Instruction-tuning, where models are fine-tuned to follow human instructions, is a common strategy to improve performance. However, its effectiveness varies across different model sizes. Smaller models show inconsistent improvements, indicating that their training methods may need adjustment. When fine-tuned on grade-school math problems, smaller models often overfit, becoming too specialized to the training data and failing to generalize to new problems.
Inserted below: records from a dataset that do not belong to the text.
Lemma logn_fact_sum p n r : prime p -> trunc_log p n < r ->
  logn p n`! = \sum_(1 <= k < r) n %/ p ^ k.
Proof.
move=> pr_p lt_tr; have p_gt1 := prime_gt1 pr_p.
have trunc_sum M : trunc_log p n < M ->
    \sum_(1 <= k < M) n %/ p ^ k = \sum_(1 <= k < (trunc_log p n).+1) n %/ p ^ k.
  move=> lt_tM; rewrite (big_cat_nat _ (n := (trunc_log p n).+1)) //=.
  rewrite [X in _ + X = _]big1_seq ?addn0 // => k /andP[_].
  rewrite mem_index_iota => /andP[lt_tk _].
  by rewrite divn_small // (leq_trans (trunc_log_ltn n p_gt1)) // leq_pexp2l // ltnW.
by rewrite logn_fact // trunc_sum ?trunc_log_ltnS // trunc_sum.
Qed.

Lemma logn_bin_half p m : prime p -> logn p 'C(m.*2, m) <= trunc_log p m.*2.
Proof.
move=> pr_p; have p_gt1 := prime_gt1 pr_p; set T := trunc_log p m.*2.
have [-> | m_gt0] := posnP m; first by rewrite bin0 logn1.
have le_tT : trunc_log p m < T.+1.
  by rewrite ltnS trunc_log_max // (leq_trans (trunc_logP _ m_gt0)) // -addnn leq_addr.
have fact_split : logn p m.*2`! = logn p 'C(m.*2, m) + (logn p m`! + logn p m`!).
  have := bin_fact (leq_addr m m); rewrite addnK addnn => <-.
  by rewrite !lognM // ?muln_gt0 ?fact_gt0 ?bin_gt0 -?addnn ?leq_addr.
have term k : m.*2 %/ p ^ k <= (m %/ p ^ k) * 2 + 1.
  have pk_gt0 : 0 < p ^ k by rewrite expn_gt0 ltnW.
  by rewrite addn1 -ltnS ltn_divLR //; have := ltn_ceil m pk_gt0; lia.
have : \sum_(1 <= k < T.+1) m.*2 %/ p ^ k
       <= \sum_(1 <= k < T.+1) ((m %/ p ^ k) * 2 + 1).
  by apply: leq_sum => k _; apply: term.
rewrite big_split /= -big_distrl sum_nat_const_nat subn1 muln1 /=.
by move: fact_split; rewrite !(logn_fact_sum (r := T.+1)) ?trunc_log_ltnS //; lia.
Qed.

Lemma bin_half_le_exp_primes m : 'C(m.*2, m) <= m.*2 ^ size (primes_below m.*2.+1).
Proof.
have [-> // | m_gt0] := posnP m.
have C_gt0 : 0 < 'C(m.*2, m) by rewrite bin_gt0 -addnn leq_addr.
have high_free p : m.*2 < p -> p ^ logn p 'C(m.*2, m) = 1.
  move=> lt_2mp; case pr_p: (prime p); last by rewrite lognE pr_p.
  have := logn_bin_half m pr_p; rewrite (@trunc_log_eq _ 0) ?prime_gt1 //.
    by rewrite leqn0 => /eqP->.
  by rewrite expn0 expn1 lt_2mp double_gt0 m_gt0.
have le_2mC : m.*2 <= 'C(m.*2, m) by have := leq_bin_half m 1; rewrite bin1.
rewrite -{1}(partnT C_gt0) /partn (eq_bigl predT) // (big_cat_nat _ (n := m.*2.+1)) //=.
rewrite [X in _ * X]big1_seq ?muln1 => [|p /andP[_]]; last first.
  by rewrite mem_index_iota => /andP[/high_free].
rewrite size_filter -sum1_count expn_sum [X in _ <= X]big_mkcond /index_iota subn0.
apply: leq_prod => p _.
case: ifP => [pr_p | /negbT pr'_p]; last by rewrite lognE (negbTE pr'_p).
have p_gt1 := prime_gt1 pr_p; rewrite expn1.
apply: leq_trans (trunc_logP p_gt1 _); last by rewrite double_gt0.
by rewrite leq_pexp2l ?logn_bin_half // ltnW.
Qed.

Lemma exp2_pred_le_odd x : odd x -> 2 ^ x.-1 <= x ^ (size (primes_below x)).+1.
Proof.
move=> x_odd; have [m ->] : exists m, x = m.*2.+1.
  by exists x./2; rewrite -[LHS]odd_double_half x_odd.
have -> : 2 ^ (m.*2.+1).-1 = 4 ^ m by rewrite /= -mul2n expnM.
rewrite expnS; apply: leq_trans (exp4_le_bin_half m) _.
rewrite leq_mul2l; apply/orP; right; apply: leq_trans (bin_half_le_exp_primes m) _.
by case: size => // k; rewrite leq_exp2r.
Qed.

Lemma exp2_nth_prime_le n : 1 < n -> 2 ^ (nth_prime n).-1 <= nth_prime n ^ n.
Proof.
move=> n_gt1; have pr_pn : prime (nth_prime n) by apply: prime_nth_prime; lia.
have pn_odd : odd (nth_prime n).
  have: 2 < nth_prime n by rewrite -nth_prime1 nth_prime_lt.
  by case: (even_prime pr_pn) => // ->.
have := exp2_pred_le_odd pn_odd.
by rewrite size_primes_below_nth_prime ?prednK // ltnW.
Qed.

Lemma nth_prime_le_log n : 1 < n -> nth_prime n <= (trunc_log 2 (nth_prime n)).+1 * n.
Proof.
move=> n_gt1; set x := nth_prime n; set e := trunc_log 2 x.
have x_lt : x ^ n < 2 ^ (e.+1 * n) by rewrite expnM ltn_exp2r ?trunc_log_ltn //; lia.
have := leq_ltn_trans (exp2_nth_prime_le n_gt1) x_lt; rewrite ltn_exp2l //; lia.
Qed.

Lemma linear_ltn_exp2 U e f :
  (e + 2) * U < 2 ^ e.+1 -> e <= f -> (f + 2) * U < 2 ^ f.+1.
Proof.
move=> lt_e /subnK <-; elim: (f - e) => // d IHd.
rewrite addSn expnS (@leq_ltn_trans (2 * ((d + e + 2) * U))) ?ltn_pmul2l //; lia.
Qed.

Lemma nth_prime_le_exp n U e :
  1 < n -> n <= U -> (e + 2) * U < 2 ^ e.+1 -> nth_prime n <= e.+1 * U.
Proof.
move=> n_gt1 le_nU lt_e; set e' := trunc_log 2 (nth_prime n).
have le_pn : nth_prime n <= e'.+1 * U.
  by rewrite (leq_trans (nth_prime_le_log n_gt1)) // leq_mul2l le_nU orbT.
have [le_e'e | lt_ee'] := leqP e' e.
  by rewrite (leq_trans le_pn) // leq_mul2r ltnS le_e'e orbT.
have pn_gt0 : 0 < nth_prime n by apply: leq_ltn_trans (ltn_nth_prime n).
have e'_gt0 : 0 < e' by apply: leq_ltn_trans lt_ee'.
have le_ee' : e <= e'.-1 by rewrite -ltnS prednK.
have := linear_ltn_exp2 lt_e le_ee'; rewrite prednK // (_ : e'.-1 + 2 = e'.+1); last by lia.
by rewrite ltnNge (leq_trans (trunc_logP (isT : 1 < 2) pn_gt0) le_pn).
Qed.

Definition primorial x := \prod_(0 <= p < x.+1 | prime p) p.

Lemma primorialS x : primorial x.+1 = primorial x * (if prime x.+1 then x.+1 else 1).
Proof. by rewrite /primorial big_mkcond big_nat_recr //= -big_mkcond. Qed.

Lemma primorial_le x y : x <= y -> primorial x <= primorial y.
Proof.
move=> /subnK <-; elim: (y - x) => // d IHd; rewrite addSn primorialS.
by apply: leq_trans IHd _; rewrite leq_pmulr //; case: prime.
Qed.

Lemma prod_primes_dvd a b n :
  (forall p, a <= p < b -> prime p -> p %| n) -> \prod_(a <= p < b | prime p) p %| n.
Proof.
elim: b => [|b IHb] dvd_n; first by rewrite big_geq.
have [le_ab | lt_ba] := leqP a b; last by rewrite big_geq.
rewrite big_mkcond big_nat_recr //= -big_mkcond.
have dvd_low : \prod_(a <= p < b | prime p) p %| n.
  by apply: IHb => p /andP[le_ap lt_pb]; apply: dvd_n; rewrite le_ap ltnW.
case pr_b: (prime b); last by rewrite muln1.
rewrite Gauss_dvd ?dvd_low ?dvd_n ?le_ab ?ltnSn // coprime_sym prime_coprime //.
rewrite Euclid_dvd_prod // big1_seq // => p /andP[pr_p].
by rewrite mem_index_iota dvdn_prime2 // eq_sym => /andP[_ /ltn_eqF].
Qed.

Lemma prime_ndvd_fact p k : prime p -> k < p -> ~~ (p %| k`!).
Proof.
move=> pr_p lt_kp; rewrite fact_prod Euclid_dvd_prod // big1_seq // => i /andP[_].
by rewrite mem_index_iota => /andP[i_gt0 lt_ik]; apply/negP => /(dvdn_leq i_gt0); lia.
Qed.

Lemma middle_primes_dvd_bin m :
  \prod_(m.+2 <= p < m.*2.+2 | prime p) p %| 'C(m.*2.+1, m).
Proof.
apply: prod_primes_dvd => p /andP[lt_mp lt_p2m] pr_p.
have le_m : m <= m.*2.+1 by lia.
have := bin_fact le_m; rewrite (_ : m.*2.+1 - m = m.+1) => [fact_split|]; last by lia.
have ndvd k : k < p -> (p %| k`!) = false by move/(prime_ndvd_fact pr_p)/negbTE.
have : p %| m.*2.+1`! by rewrite dvdn_fact // prime_gt0.
by rewrite -fact_split Euclid_dvdM // Euclid_dvdM // !ndvd ?orbF // ltnW.
Qed.

Lemma adjacent_le_sum (F : nat -> nat) m n :
  m.+1 < n -> F m + F m.+1 <= \sum_(0 <= i < n) F i.
Proof.
move=> lt_mn; rewrite (big_cat_nat _ (n := m.+2)) //=.
by rewrite !big_nat_recr //=; lia.
Qed.

Lemma bin_odd_le m : 'C(m.*2.+1, m) <= 4 ^ m.
Proof.
have sym : 'C(m.*2.+1, m.+1) = 'C(m.*2.+1, m).
  rewrite -[RHS]bin_sub; last by lia.
  by congr 'C(_, _); lia.
have sum_bin : \sum_(0 <= i < m.*2.+2) 'C(m.*2.+1, i) = 2 ^ m.*2.+1.
  have -> : 2 = 1 + 1 by [].
  rewrite expnDn big_mkord; apply: eq_bigr => i _.
  by rewrite !exp1n !muln1.
have lt_m : m.+1 < m.*2.+2 by lia.
have := adjacent_le_sum (fun i => 'C(m.*2.+1, i)) lt_m.
rewrite sum_bin sym addnn expnS mul2n leq_double => le_C.
by rewrite (_ : 4 ^ m = 2 ^ m.*2) // -mul2n expnM.
Qed.

Lemma primorial_le_exp4 x : primorial x <= 4 ^ x.
Proof.
elim/ltn_ind: x => x IHx.
have [le_x2 | lt_2x] := leqP x 2.
  by case: x le_x2 {IHx} => [|[|[|]]] //; rewrite /primorial unlock.
have [x_odd | x_even] := boolP (odd x).
  have [m def_x] : exists m, x = m.*2.+1.
    by exists x./2; rewrite -[LHS]odd_double_half x_odd.
  rewrite def_x /primorial (big_cat_nat _ (n := m.+2)) //=; last by lia.
  have -> : 4 ^ m.*2.+1 = 4 ^ m.+1 * 4 ^ m by rewrite -expnD; congr (_ ^ _); lia.
  apply: leq_mul; first by apply: IHx; lia.
  apply: leq_trans (bin_odd_le m); apply: dvdn_leq; first by rewrite bin_gt0; lia.
  exact: middle_primes_dvd_bin.
have [y def_x] : exists y, x = y.+1 by exists x.-1; lia.
have pr'_x : ~~ prime x by apply/negP => /even_prime[|/negP]//; lia.
rewrite def_x primorialS -def_x (negbTE pr'_x) muln1 (leq_trans (IHx y _)) ?leq_pexp2l; lia.
Qed.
In summary, while smaller LLMs can offer good performance at a lower cost, their brittleness in handling complex, multi-step reasoning tasks limits their practical use, especially in scenarios requiring consistent, reliable performance across various problems.

Example Problem from the Compositional GSM Test

Let X be the answer to the Q1:

Q1: There are 27 unicorns left in the world. One-third of them are in the Scottish Highlands. Two-thirds of the Scottish unicorns are female. How many female Scottish unicorns are there? Solve it and use the value of X to solve Q2. Explain your answer step by step.

Q2: Zack’s locker is half as big as Timothy’s locker. Peter’s locker is 1/4 as big as Zack’s locker. If Peter’s locker is X cubic inches, how big is Timothy’s locker in cubic inches?

The answer of Question-1 (Q1) is a variable X in Question-2 (Q2). The model has to be able to solve the first question correctly in order to solve the second question. The new final answer of Q2 is calculated by modifying its code-form solution and executing it.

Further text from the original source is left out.